Here is a comparison of base (blue), dplyr
(pink), and data.table
(yellow) methods for dropping either all or select missing observations, on notional dataset of 1 million observations of 20 numeric variables with independent 5% likelihood of being missing, and a subset of 4 variables for part 2.
Your results may vary based on length, width, and sparsity of your particular dataset.
Note log scale on y axis.
#------- Adjust these assumptions for your own use case ------------
row_size <- 1e6L
col_size <- 20 # not including ID column
p_missing <- 0.05 # likelihood of missing observation (except ID col)

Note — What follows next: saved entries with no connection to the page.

(* In the linear deterministic diamond network with a disturbing node with gains $n_1,n_2,n_3,n_4,m$, suppose $n_1>n_2$, $n_4\ge n_3$ and $m>n_2$. Then the linear capacity is $C=\min(n_1,n_3)$.
   Context: The shift matrix $Q$ is the $q\times q$ matrix over $\mathbb{F}_2$ with $Q_{i+1,i}=1$ for $1\le i\le q-1$ and all other entries $0$, where $q=\max(n_1,n_2,n_3,n_4,m)$ and all gains are nonnegative integers. Network: source $S$, relays $A,B$, destination $D$, disturbing node $M$; gains $n_1$ ($S\to A$), $n_2$ ($S\to B$), $n_3$ ($A\to D$), $n_4$ ($B\to D$), $m$ ($M\to A$ and $M\to B$). Each node transmits $x_i\in\mathbb{F}_2^q$ and receives $y_j=\sum_{k:(k,j)\text{ an edge}}Q^{q-n_{(k,j)}}x_k$; relays use linear maps $x_A=G_Ay_A$, $x_B=G_By_B$ with $G_A,G_B$ arbitrary $q\times q$ matrices over $\mathbb{F}_2$. Then $y_D=G_Sx_S+G_Mx_M$ with $G_S=Q^{q-n_3}G_AQ^{q-n_1}+Q^{q-n_4}G_BQ^{q-n_2}$ and $G_M=Q^{q-n_3}G_AQ^{q-m}+Q^{q-n_4}G_BQ^{q-m}$. The rate $R(G_A,G_B)$ is the maximum dimension of a subspace $\mathcal{X}\subseteq\mathbb{F}_2^q$ such that for all $x_S,x_S'\in\mathcal{X}$, $x_M,x_M'\in\mathbb{F}_2^q$, $G_Sx_S+G_Mx_M=G_Sx_S'+G_Mx_M'$ implies $x_S=x_S'$. The linear capacity is $C=\max_{G_A,G_B}R(G_A,G_B)$. *)

(* Vectors are column vectors 'cV_q; a subspace of F_2^q is
   represented by a q x q matrix whose row space is the subspace (mxalgebra),
   a column vector x lying in it iff (x^T <= X)%MS. *)
From HB Require Import structures.
From mathcomp Require Import all_boot all_order all_algebra.
Set Implicit Arguments. Unset Strict Implicit. Unset Printing Implicit Defensive.
Import GRing.Theory.
Local Open Scope ring_scope.

Definition qdim (n1 n2 n3 n4 m : nat) : nat :=
  maxn n1 (maxn n2 (maxn n3 (maxn n4 m))).

Definition shiftQ (q : nat) : 'M['F_2]_q :=
  \matrix_(i < q, j < q) ((i : nat) == (j : nat).+1)%:R.

Definition chan (q n : nat) : 'M['F_2]_q := shiftQ q ^+ (q - n).

Section Network.
Variables n1 n2 n3 n4 m : nat.
Local Notation q := (qdim n1 n2 n3 n4 m).

Definition GS (GA GB : 'M['F_2]_q) : 'M['F_2]_q :=
  chan q n3 *m GA *m chan q n1 + chan q n4 *m GB *m chan q n2.

Definition GM (GA GB : 'M['F_2]_q) : 'M['F_2]_q :=
  chan q n3 *m GA *m chan q m + chan q n4 *m GB *m chan q m.

Definition decodable (GA GB : 'M['F_2]_q) (X : 'M['F_2]_q) : bool :=
  [forall xS : 'cV['F_2]_q, forall xS' : 'cV['F_2]_q,
   forall xM : 'cV['F_2]_q, forall xM' : 'cV['F_2]_q,
     [&& (xS^T <= X)%MS, (xS'^T <= X)%MS &
         GS GA GB *m xS + GM GA GB *m xM == GS GA GB *m xS' + GM GA GB *m xM']
     ==> (xS == xS')].

Definition rate (GA GB : 'M['F_2]_q) : nat :=
  \max_(X : 'M['F_2]_q | decodable GA GB X) \rank X.

Definition lin_capacity : nat :=
  \max_(G : 'M['F_2]_q * 'M['F_2]_q) rate G.1 G.2.

End Network.

(* The disturbing node M feeds both relays through the same channel Q^(q-m),
   and since m > n2 it can reproduce at D everything S sends along S -> B, as
   well as the top n2 levels of what S sends along S -> A.  Hence for any relay
   maps G_S = G_M Q^(m-n2) + H with H = Q^(q-n3) G_A (Q^(q-n1) - Q^(q-n2)): a
   decodable subspace meets ker H trivially, so its dimension is at most
   rank H <= min(n1, n3).  Conversely, since n4 >= n3 relay B can cancel the
   disturbance exactly (G_B = -Q^(n4-n3) G_A), which leaves G_S = H; taking
   G_A = (Q^(q-n1))^T, H is Q^(q-n3) P (1 - N) with P the projection on the
   first n1 coordinates and N = Q^(n1-n2) nilpotent because n1 > n2, so
   rank H = min(n1, n3) and any complement of ker H is decodable. *)
From mathcomp Require Import all_boot all_order all_algebra.
From mathcomp Require Import zify.
Set Implicit Arguments. Unset Strict Implicit. Unset Printing Implicit Defensive.
Import GRing.Theory.
Local Open Scope ring_scope.

Section IndicatorSums.
Variables (R : pzSemiRingType) (q c : nat) (g : 'I_q -> R).

Lemma sum_indicator_in (lt_cq : (c < q)%N) :
  \sum_(l < q) ((l : nat) == c)%:R * g l = g (Ordinal lt_cq).
Proof.
rewrite (bigD1 (Ordinal lt_cq)) //= eqxx mul1r big1 ?addr0 // => l nel.
by case: eqP => [lc|]; [move: nel; rewrite -val_eqE /= lc eqxx | rewrite mul0r].
Qed.

Lemma sum_indicator_out (le_qc : (q <= c)%N) :
  \sum_(l < q) ((l : nat) == c)%:R * g l = 0.
Proof.
rewrite big1 // => l _; case: eqP => [lc|]; last by rewrite mul0r.
by move: (ltn_ord l); rewrite lc ltnNge le_qc.
Qed.

End IndicatorSums.

Section ShiftMatrix.
Variable q : nat.
Local Notation Q := (shiftQ q).

Lemma shiftQX_coef k (i j : 'I_q) : (Q ^+ k) i j = ((i : nat) == j + k)%N%:R.
Proof.
elim: k i j => [|k IHk] i j; first by rewrite expr0 -idmxE mxE addn0.
rewrite exprSr -mulmxE mxE.
under eq_bigr => l _ do rewrite IHk mxE mulrC.
have [lt_jq | le_qj] := ltnP j.+1 q.
  by rewrite (sum_indicator_in _ lt_jq) /= addSn addnS.
rewrite sum_indicator_out //; case: eqP => // ij.
by move: (ltn_ord i); rewrite ij; lia.
Qed.

Lemma shiftQX_eq0 k : (q <= k)%N -> Q ^+ k = 0.
Proof.
move=> le_qk; apply/matrixP => i j; rewrite shiftQX_coef mxE.
by case: eqP => // ij; move: (ltn_ord i); rewrite ij; lia.
Qed.

Lemma tr_shiftQX_mul k : (Q ^+ k)^T *m Q ^+ k = pid_mx (q - k).
Proof.
apply/matrixP => i j; rewrite !mxE.
under eq_bigr => l _ do rewrite mxE !shiftQX_coef.
have [lt_ikq | le_qik] := ltnP (i + k) q.
  rewrite (sum_indicator_in _ lt_ikq) /= eqn_add2r.
  by rewrite [(i < q - k)%N]ltn_subRL addnC lt_ikq andbT.
by rewrite sum_indicator_out // [(i < q - k)%N]ltn_subRL addnC ltnNge le_qik andbF.
Qed.

Lemma shiftQX_mul_pid k : Q ^+ k *m pid_mx (q - k) = Q ^+ k.
Proof.
apply/matrixP => i j; rewrite !mxE.
under eq_bigr => l _ do rewrite mxE !shiftQX_coef -mulnb natrM mulrCA.
rewrite (sum_indicator_in _ (ltn_ord j)) /= shiftQX_coef.
case: eqP => ij; last by rewrite mul0r.
have -> : (j < q - k)%N by move: (ltn_ord i); rewrite ij; lia.
by rewrite mulr1.
Qed.

Lemma mxrank_chan n : (n <= q)%N -> (\rank (chan q n) <= n)%N.
Proof.
move=> le_nq; rewrite /chan -shiftQX_mul_pid.
by apply: leq_trans (mxrankM_maxr _ _) _; rewrite rank_pid_mx; lia.
Qed.

Lemma mxrank_chan_pid n r : (n <= q)%N -> (r <= q)%N ->
  \rank (chan q n *m (pid_mx r : 'M_q)) = minn n r.
Proof.
move=> le_nq le_rq; apply/eqP; rewrite eqn_leq leq_min -andbA; apply/and3P; split.
- exact: leq_trans (mxrankM_maxl _ _) (mxrank_chan le_nq).
- by apply: leq_trans (mxrankM_maxr _ _) _; rewrite rank_pid_mx.
- apply: leq_trans (mxrankM_maxr (chan q n)^T _).
  rewrite mulmxA tr_shiftQX_mul subKn // mul_pid_mx rank_pid_mx ?geq_minl //.
  by lia.
Qed.

Lemma chan_mul_shiftQX a b : (a <= q)%N -> (b <= a)%N ->
  chan q a *m Q ^+ (a - b) = chan q b.
Proof. by move=> le_aq le_ba; rewrite /chan mulmxE -exprD; congr (_ ^+ _); lia. Qed.

End ShiftMatrix.

Section RankKernel.
Variables (F : fieldType) (p r n : nat) (H : 'M[F]_(r, n)).

Lemma mxrank_le_cap_ker (X : 'M[F]_(p, n)) :
  (forall d : 'cV_n, (d^T <= X)%MS -> H *m d = 0 -> d = 0) ->
  (\rank X <= \rank H)%N.
Proof.
move=> capX0.
have capXK : (X :&: kermx H^T)%MS = 0.
  apply/eqP; rewrite -submx0; apply/rV_subP => v.
  rewrite sub_capmx => /andP [vX /sub_kermxP vK]; rewrite submx0.
  have -> : v = (v^T)^T by rewrite trmxK.
  rewrite (capX0 v^T) ?trmx0 ?trmxK //.
  by rewrite -[H]trmxK -trmx_mul vK trmx0.
have := mxrank_sum_cap X (kermx H^T).
rewrite capXK mxrank0 addn0 mxrank_ker mxrank_tr.
by have := rank_leq_col (X + kermx H^T)%MS; have := rank_leq_col H; lia.
Qed.

Lemma compl_ker_tr_inj (d : 'cV_n) :
  (d^T <= (kermx H^T)^C)%MS -> H *m d = 0 -> d = 0.
Proof.
move=> dC Hd; apply: trmx_inj; apply/eqP.
rewrite trmx0 -submx0 -(capmx_compl (kermx H^T)) capmxC.
by rewrite sub_capmx dC; apply/sub_kermxP; rewrite -trmx_mul Hd trmx0.
Qed.

Lemma mxrank_compl_ker_tr : \rank (kermx H^T)^C = \rank H.
Proof. by rewrite mxrank_compl mxrank_ker mxrank_tr; have := rank_leq_col H; lia. Qed.

End RankKernel.

Lemma mxrank_mul_1_sub_nilpotent (F : fieldType) (m n k : nat)
    (A : 'M[F]_(m, n)) (N : 'M[F]_n) :
  N ^+ k = 0 -> \rank (A *m (1%:M - N)) = \rank A.
Proof.
move=> Nk0; apply: mxrankMfree; apply/row_freeP; exists (\sum_(i < k) N ^+ i).
by rewrite mulmxE idmxE -opprB mulNr -subrX1 Nk0 sub0r opprK.
Qed.

Section Network.
Variables n1 n2 n3 n4 m : nat.
Local Notation q := (qdim n1 n2 n3 n4 m).
Local Notation Q := (shiftQ q).
Local Notation GS := (@GS n1 n2 n3 n4 m).
Local Notation GM := (@GM n1 n2 n3 n4 m).
Local Notation decodable := (@decodable n1 n2 n3 n4 m).

Let le_n1q : (n1 <= q)%N. Proof. rewrite /qdim; lia. Qed.
Let le_n3q : (n3 <= q)%N. Proof. rewrite /qdim; lia. Qed.
Let le_n4q : (n4 <= q)%N. Proof. rewrite /qdim; lia. Qed.
Let le_mq : (m <= q)%N. Proof. rewrite /qdim; lia. Qed.

Lemma decodableP (GA GB X : 'M['F_2]_q) :
  reflect (forall xS xS' xM xM' : 'cV_q, (xS^T <= X)%MS -> (xS'^T <= X)%MS ->
             GS GA GB *m xS + GM GA GB *m xM = GS GA GB *m xS' + GM GA GB *m xM' ->
             xS = xS')
          (decodable GA GB X).
Proof.
apply: (iffP idP) => [dec xS xS' xM xM' XS XS' /eqP e | dec].
  apply/eqP; move/forallP/(_ xS)/forallP/(_ xS')/forallP/(_ xM)/forallP/(_ xM'): dec.
  by move/implyP; apply; rewrite XS XS' e.
do 4![apply/forallP => ?]; apply/implyP => /and3P [XS XS' /eqP e].
by apply/eqP; apply: dec e.
Qed.

Definition unimitable (GA : 'M['F_2]_q) : 'M['F_2]_q :=
  chan q n3 *m GA *m (chan q n1 - chan q n2).

Lemma GS_decomp (GA GB : 'M['F_2]_q) : (n2 <= m)%N ->
  GS GA GB = GM GA GB *m Q ^+ (m - n2) + unimitable GA.
Proof.
move=> le_n2m.
rewrite /GS /GM /unimitable mulmxDl -!mulmxA chan_mul_shiftQX ?le_mq //.
by rewrite !mulmxBr [RHS]addrAC [_ + (_ - _)]addrC subrK.
Qed.

Lemma mxrank_unimitable (GA : 'M['F_2]_q) : (n2 <= n1)%N ->
  (\rank (unimitable GA) <= minn n1 n3)%N.
Proof.
move=> le_n21; rewrite /unimitable leq_min; apply/andP; split.
  have ->: chan q n1 - chan q n2 = chan q n1 *m (1%:M - Q ^+ (n1 - n2)).
    by rewrite mulmxBr mulmx1 chan_mul_shiftQX ?le_n1q.
  apply: leq_trans (mxrankM_maxr _ _) _; apply: leq_trans (mxrankM_maxl _ _) _.
  exact/mxrank_chan/le_n1q.
do 2!apply: leq_trans (mxrankM_maxl _ _) _.
exact/mxrank_chan/le_n3q.
Qed.

Lemma decodable_rank_le (GA GB X : 'M['F_2]_q) : (n2 <= n1)%N -> (n2 <= m)%N ->
  decodable GA GB X -> (\rank X <= minn n1 n3)%N.
Proof.
move=> le_n21 le_n2m /decodableP dec.
apply: leq_trans (mxrank_unimitable GA le_n21).
apply: mxrank_le_cap_ker => d Xd Hd.
(* S sending d is indistinguishable from M sending Q^(m-n2) d. *)
apply: (dec d 0 0 (Q ^+ (m - n2) *m d)) => //; first by rewrite trmx0 sub0mx.
by rewrite (GS_decomp _ _ le_n2m) mulmxDl Hd !mulmx0 !addr0 add0r mulmxA.
Qed.

Lemma decodable_compl_ker (GA GB : 'M['F_2]_q) : GM GA GB = 0 ->
  decodable GA GB (kermx (GS GA GB)^T)^C%MS.
Proof.
move=> GM0; apply/decodableP => xS xS' xM xM' XS XS'.
rewrite GM0 !mul0mx !addr0 => /eqP; rewrite -subr_eq0 -mulmxBr => /eqP HxS.
apply/eqP; rewrite -subr_eq0; apply/eqP; apply: compl_ker_tr_inj HxS.
by rewrite linearB /= addmx_sub // -scaleN1r scalemx_sub.
Qed.

Definition zero_forcing_relays : 'M['F_2]_q * 'M['F_2]_q :=
  let GA := (chan q n1)^T in (GA, - (Q ^+ (n4 - n3) *m GA)).

Lemma zero_forcing_GM : (n3 <= n4)%N ->
  GM zero_forcing_relays.1 zero_forcing_relays.2 = 0.
Proof.
move=> le_n34; rewrite /GM /= mulmxN mulNmx !mulmxA chan_mul_shiftQX ?le_n4q //.
exact: subrr.
Qed.

Lemma zero_forcing_GS_eq : (n3 <= n4)%N -> (n2 <= n1)%N ->
  GS zero_forcing_relays.1 zero_forcing_relays.2
    = chan q n3 *m pid_mx n1 *m (1%:M - Q ^+ (n1 - n2)).
Proof.
move=> le_n34 le_n21.
have P1 : (chan q n1)^T *m chan q n1 = pid_mx n1.
  by rewrite tr_shiftQX_mul subKn ?le_n1q.
rewrite /GS /= mulmxN mulNmx !mulmxA chan_mul_shiftQX ?le_n4q // -!mulmxA P1.
rewrite -(chan_mul_shiftQX le_n1q le_n21) [(chan q n1)^T *m _]mulmxA P1.
by rewrite mulmxBr mulmx1 mulmxBr.
Qed.

Lemma zero_forcing_GS : (n3 <= n4)%N -> (n2 < n1)%N ->
  \rank (GS zero_forcing_relays.1 zero_forcing_relays.2) = minn n1 n3.
Proof.
move=> le_n34 lt_n21; rewrite zero_forcing_GS_eq ?(ltnW lt_n21) //.
have Nq0 : Q ^+ (n1 - n2) ^+ q = 0.
  by rewrite -exprM shiftQX_eq0 // leq_pmull ?subn_gt0.
by rewrite (mxrank_mul_1_sub_nilpotent _ Nq0) (mxrank_chan_pid le_n3q le_n1q) minnC.
Qed.

End Network.

Theorem mainTheorem7 (n1 n2 n3 n4 m : nat) :
  (n2 < n1)%N -> (n3 <= n4)%N -> (n2 < m)%N ->
  lin_capacity n1 n2 n3 n4 m = minn n1 n3.
Proof.
move=> lt_n21 le_n34 lt_n2m; apply/eqP; rewrite eqn_leq; apply/andP; split.
  apply/bigmax_leqP => G _; apply/bigmax_leqP => X.
  exact: decodable_rank_le (ltnW lt_n21) (ltnW lt_n2m).
set G := zero_forcing_relays n1 n2 n3 n4 m.
apply: leq_trans (leq_bigmax G).
rewrite -(zero_forcing_GS m le_n34 lt_n21) -mxrank_compl_ker_tr.
exact/leq_bigmax_cond/decodable_compl_ker/zero_forcing_GM.
Qed.
(* Let $S$ be a closed connected oriented surface of genus $n\ge2$ and let $\chi\in H^1(S,\mathbb C)$ satisfy $\chi(H_1(S,\mathbb Z))=\mathbb Z+i\mathbb Z$ and $\omega(\chi)>0$. Then there is a symplectic basis $x_1,y_1,\dots,x_n,y_n$ of $H_1(S,\mathbb Z)$ such that $\mathrm{Im}(\overline{\chi(x_1)}\chi(y_1))>0$ and, for every $j=2,\dots,n$, $\chi(y_j)=0$ and $\chi(x_j)$ is a real number $\ge 0$.
   Context: A symplectic basis of $H_1(S,\mathbb Z)$ is a basis with intersection numbers $x_i\cdot y_j=\delta_{ij}$, $x_i\cdot x_j=y_i\cdot y_j=0$. $\omega(\chi):=\sum_{j=1}^n\mathrm{Im}(\overline{\chi(x_j)}\chi(y_j))$ for any symplectic basis (independent of the choice). *)

From HB Require Import structures.
From mathcomp Require Import all_boot all_order all_algebra.
Set Implicit Arguments. Unset Strict Implicit. Unset Printing Implicit Defensive.
Import Order.TTheory GRing.Theory Num.Theory.
Local Open Scope ring_scope.

(* Model of H_1(S,Z) for a closed oriented surface of genus n:
   Z^n x Z^n, coordinates w.r.t. a fixed (reference) symplectic basis
   a_1..a_n, b_1..b_n with a_i . b_j = delta_ij. *)
Definition H1 (n : nat) := ('rV[int]_n * 'rV[int]_n)%type.

Definition inter (n : nat) (u v : H1 n) : int :=
  \sum_(i < n) (u.1 0 i * v.2 0 i - u.2 0 i * v.1 0 i).

Definition stdx (n : nat) (i : 'I_n) : H1 n := (delta_mx 0 i, 0).
Definition stdy (n : nat) (i : 'I_n) : H1 n := (0, delta_mx 0 i).

Definition symplectic_basis (n : nat) (x y : 'I_n -> H1 n) : Prop :=
  [/\ (forall i j, inter (x i) (y j) = (i == j)%:R),
      (forall i j, inter (x i) (x j) = 0),
      (forall i j, inter (y i) (y j) = 0),
      (forall u : H1 n, exists a b : 'I_n -> int,
          u = \sum_(i < n) (x i *~ a i + y i *~ b i)) &
      (forall a b : 'I_n -> int,
          \sum_(i < n) (x i *~ a i + y i *~ b i) = 0 ->
          forall i, a i = 0 /\ b i = 0)].

(* a class chi in H^1(S,C) = Hom(H_1(S,Z), C) *)
Definition cohom_class (C : numClosedFieldType) (n : nat) (chi : H1 n -> C) : Prop :=
  forall u v, chi (u + v) = chi u + chi v.

(* omega(chi), computed in the reference symplectic basis
   (independent of the choice of symplectic basis) *)
Definition omega (C : numClosedFieldType) (n : nat) (chi : H1 n -> C) : C :=
  \sum_(i < n) 'Im ((chi (stdx i))^* * chi (stdy i)).

(* Write chi = p + i q with p, q : H_1(S,Z) -> Z additive.  For an additive
   f : H_1(S,Z) -> Z, the symplectic transvections x_t += k y_t, y_t += k x_t and
   x_i += k x_j, y_j -= k y_i map symplectic bases to symplectic bases and act on
   the values of f as the elementary operations of the Euclidean algorithm.  On any
   set S of indices they thus produce a basis, unchanged outside S, in which f
   vanishes on every y_s and on every x_s but one, where it is nonnegative.  Doing
   this for q on all indices, then for p on the indices j <> 1 (which keeps q zero
   there), gives chi(y_j) = 0 and chi(x_j) = p(x_j) >= 0 for j >= 2.  Finally
   Im(conj chi(x_1) chi(y_1)) is the cup product sum_j p(x_j) q(y_j) - q(x_j) p(y_j),
   which is p evaluated at the Poincare dual of q, hence independent of the
   symplectic basis, and therefore equals omega(chi) > 0. *)

From HB Require Import structures.
From mathcomp Require Import all_boot all_order all_algebra zify ring.
Import Order.TTheory GRing.Theory Num.Theory.
Set Implicit Arguments. Unset Strict Implicit. Unset Printing Implicit Defensive.
Local Open Scope ring_scope.

Lemma euclid_closed (A : int -> int -> Prop) :
  (forall a b k, A a b -> A (a + b * k) b) ->
  (forall a b k, A a b -> A a (b + a * k)) ->
  forall a b, A a b -> exists2 g, 0 <= g & A g 0.
Proof.
move=> hA hB.
have congrA a a' b b' : a = a' -> b = b' -> A a b -> A a' b' by move=> -> ->.
have swap a b : A a b -> A b (- a).
  move=> /(hA _ _ 1) /(hB _ _ (-1)) /(hA _ _ 1); apply: congrA; ring.
have base a : A a 0 -> exists2 g, 0 <= g & A g 0.
  case: (lerP 0 a) => [a_ge0 Aa|a_lt0 /swap/swap]; first by exists a.
  by rewrite oppr0 => Aa; exists (- a); rewrite // oppr_ge0 ltW.
suff ind N a b : (absz b <= N)%N -> A a b -> exists2 g, 0 <= g & A g 0.
  by move=> a b; apply: (ind (absz b)).
elim: N a b => [|N IH] a b hb Aab.
  by move: hb; rewrite leqn0 absz_eq0 => /eqP b0; apply: (base a); rewrite -b0.
have [b0|b_neq0] := eqVneq b 0; first by apply: (base a); rewrite -b0.
have Ar : A (a %% b)%Z b.
  by move: (hA _ _ (- (a %/ b)%Z) Aab); apply: congrA => //; rewrite {1}(divz_eq a b); ring.
apply: (IH _ _ _ (swap _ _ Ar)).
have := ltz_mod a b_neq0; have := modz_ge0 a b_neq0; lia.
Qed.

Lemma stepwise_all (B : Type) (I : eqType) (A : B -> Prop) (P : B -> I -> Prop) (r : seq I) :
  (forall b t, A b -> t \in r ->
     exists2 b', A b' & P b' t /\ forall u, u != t -> P b u -> P b' u) ->
  forall b, A b -> exists2 b', A b' & forall t, t \in r -> P b' t.
Proof.
elim: r => [|t r IH] step b Ab; first by exists b.
have [|b1 Ab1 Pb1] := IH _ b Ab.
  by move=> b' t' Ab' t'r; apply: step; rewrite // inE t'r orbT.
have [b2 Ab2 [Pb2 keep]] := step b1 t Ab1 (mem_head t r).
exists b2 => // u; rewrite inE; have [-> //|ut /= ur] := eqVneq u t.
exact/keep/Pb1.
Qed.

HB.instance Definition _ n := GRing.Zmodule.on (H1 n).

Lemma inter_is_zmod_morphism n (w : H1 n) : zmod_morphism (inter w).
Proof. by move=> u v; rewrite /inter -sumrB; apply: eq_bigr => i _; rewrite !mxE; ring. Qed.

HB.instance Definition _ n (w : H1 n) :=
  GRing.isZmodMorphism.Build _ _ (@inter n w) (@inter_is_zmod_morphism n w).

Section Intersection.
Variable n : nat.
Implicit Types u v w : H1 n.

Lemma interC u v : inter u v = - inter v u.
Proof. by rewrite /inter -sumrN; apply: eq_bigr => i _; ring. Qed.

Lemma inter_self u : inter u u = 0.
Proof. by have := interC u u; lia. Qed.

Lemma interDr w u v : inter w (u + v) = inter w u + inter w v.
Proof. exact: raddfD. Qed.

Lemma interMzr w u k : inter w (u *~ k) = inter w u * k.
Proof. by rewrite raddfMz mulrzz. Qed.

Lemma interDl u v w : inter (u + v) w = inter u w + inter v w.
Proof. by rewrite interC interDr opprD -!interC. Qed.

Lemma interMzl u w k : inter (u *~ k) w = inter u w * k.
Proof. by rewrite interC interMzr [inter u w]interC mulNr. Qed.

Lemma inter_stdx u j : inter u (stdx j) = - u.2 0 j.
Proof.
rewrite /inter (bigD1 j) //= big1 => [|i ij]; rewrite !mxE /= ?eqxx.
  by rewrite mulr0 mulr1 sub0r addr0.
by rewrite (negbTE ij) !mulr0 subr0.
Qed.

Lemma inter_stdy u j : inter u (stdy j) = u.1 0 j.
Proof.
rewrite /inter (bigD1 j) //= big1 => [|i ij]; rewrite !mxE /= ?eqxx.
  by rewrite mulr0 mulr1 subr0 addr0.
by rewrite (negbTE ij) !mulr0 subr0.
Qed.

Lemma inter_std_inj v w :
  (forall j, inter v (stdx j) = inter w (stdx j)) ->
  (forall j, inter v (stdy j) = inter w (stdy j)) -> v = w.
Proof.
case: v w => [v1 v2] [w1 w2] hx hy; congr (_, _); apply/rowP => j.
  by have := hy j; rewrite !inter_stdy.
by have /eqP := hx j; rewrite !inter_stdx eqr_opp => /eqP.
Qed.

End Intersection.

Section SymplecticFamily.
Variables (n : nat) (x y : 'I_n -> H1 n).
Hypotheses (hxy : forall i j, inter (x i) (y j) = (i == j)%:R)
           (hxx : forall i j, inter (x i) (x j) = 0)
           (hyy : forall i j, inter (y i) (y j) = 0).

Lemma inter_yx i j : inter (y i) (x j) = - (i == j)%:R.
Proof. by rewrite interC hxy eq_sym. Qed.

Local Notation comb a b := (\sum_(i < n) (x i *~ a i + y i *~ b i)).

Lemma inter_x_comb j (a b : 'I_n -> int) : inter (x j) (comb a b) = b j.
Proof.
rewrite raddf_sum (bigD1 j) //= big1 => [|i ji]; rewrite raddfD !raddfMz /= hxx hxy.
  by rewrite eqxx mul0rz add0r mulrzz mul1r addr0.
by rewrite eq_sym (negbTE ji) mulr0n !mul0rz addr0.
Qed.

Lemma inter_y_comb j (a b : 'I_n -> int) : inter (y j) (comb a b) = - a j.
Proof.
rewrite raddf_sum (bigD1 j) //= big1 => [|i ji]; rewrite raddfD !raddfMz /= hyy inter_yx.
  by rewrite eqxx mul0rz addr0 mulrzz mulN1r addr0.
by rewrite eq_sym (negbTE ji) mulr0n oppr0 !mul0rz addr0.
Qed.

col_subset <- 18:21 # second part of question: filter on select columns
#------- System info for benchmark ----------------------------------
R.version # R version 3.4.3 (2017-11-30), platform = x86_64-w64-mingw32
library(data.table); packageVersion('data.table') # 1.10.4.3
library(dplyr); packageVersion('dplyr') # 0.7.4
library(tidyr); packageVersion('tidyr') # 0.8.0
library(microbenchmark)
#------- Example dataset using above assumptions --------------------
fakeData <- function(m, n, p){
set.seed(123)
m <- matrix(runif(m*n), nrow=m, ncol=n)
m[m<p] <- NA
return(m)
}
df <- cbind( data.frame(id = paste0('ID',seq(row_size)),
stringsAsFactors = FALSE),
data.frame(fakeData(row_size, col_size, p_missing) )
)
dt <- data.table(df)
par(las=3, mfcol=c(1,2), mar=c(22,4,1,1)+0.1)
boxplot(
microbenchmark(
df[complete.cases(df), ],
na.omit(df),
df %>% drop_na,
dt[complete.cases(dt), ],
na.omit(dt)
), xlab='',
main = 'Performance: Drop any NA observation',
col=c(rep('lightblue',2),'salmon',rep('beige',2))
)
boxplot(
microbenchmark(
df[complete.cases(df[,col_subset]), ],
#na.omit(df), # col subset not supported in na.omit.data.frame
df %>% drop_na(col_subset),
dt[complete.cases(dt[,col_subset,with=FALSE]), ],
na.omit(dt, cols=col_subset) # see ?na.omit.data.table
), xlab='',
main = 'Performance: Drop NA obs. in select cols',
col=c('lightblue','salmon',rep('beige',2))
)
delete.dirt <- function(DF, dart=c('NA')) {
dirty_rows <- apply(DF, 1, function(r) !any(r %in% dart))
DF <- DF[dirty_rows, ]
}
mydata <- delete.dirt(mydata)
Above function deletes all the rows from the data frame that has 'NA' in any column and returns the resultant data. If you want to check for multiple values like NA
and ?
change dart=c('NA')
in function param to dart=c('NA', '?')
My guess is that this could be more elegantly solved in this way
m <- matrix(1:25, ncol = 5)
m[c(1, 6, 13, 25)] <- NA
df <- data.frame(m)
library(dplyr)
df %>%
filter_all(any_vars(is.na(.)))
#> X1 X2 X3 X4 X5
#> 1 NA NA 11 16 21
#> 2 3 8 NA 18 23
#> 3 5 10 15 20 NA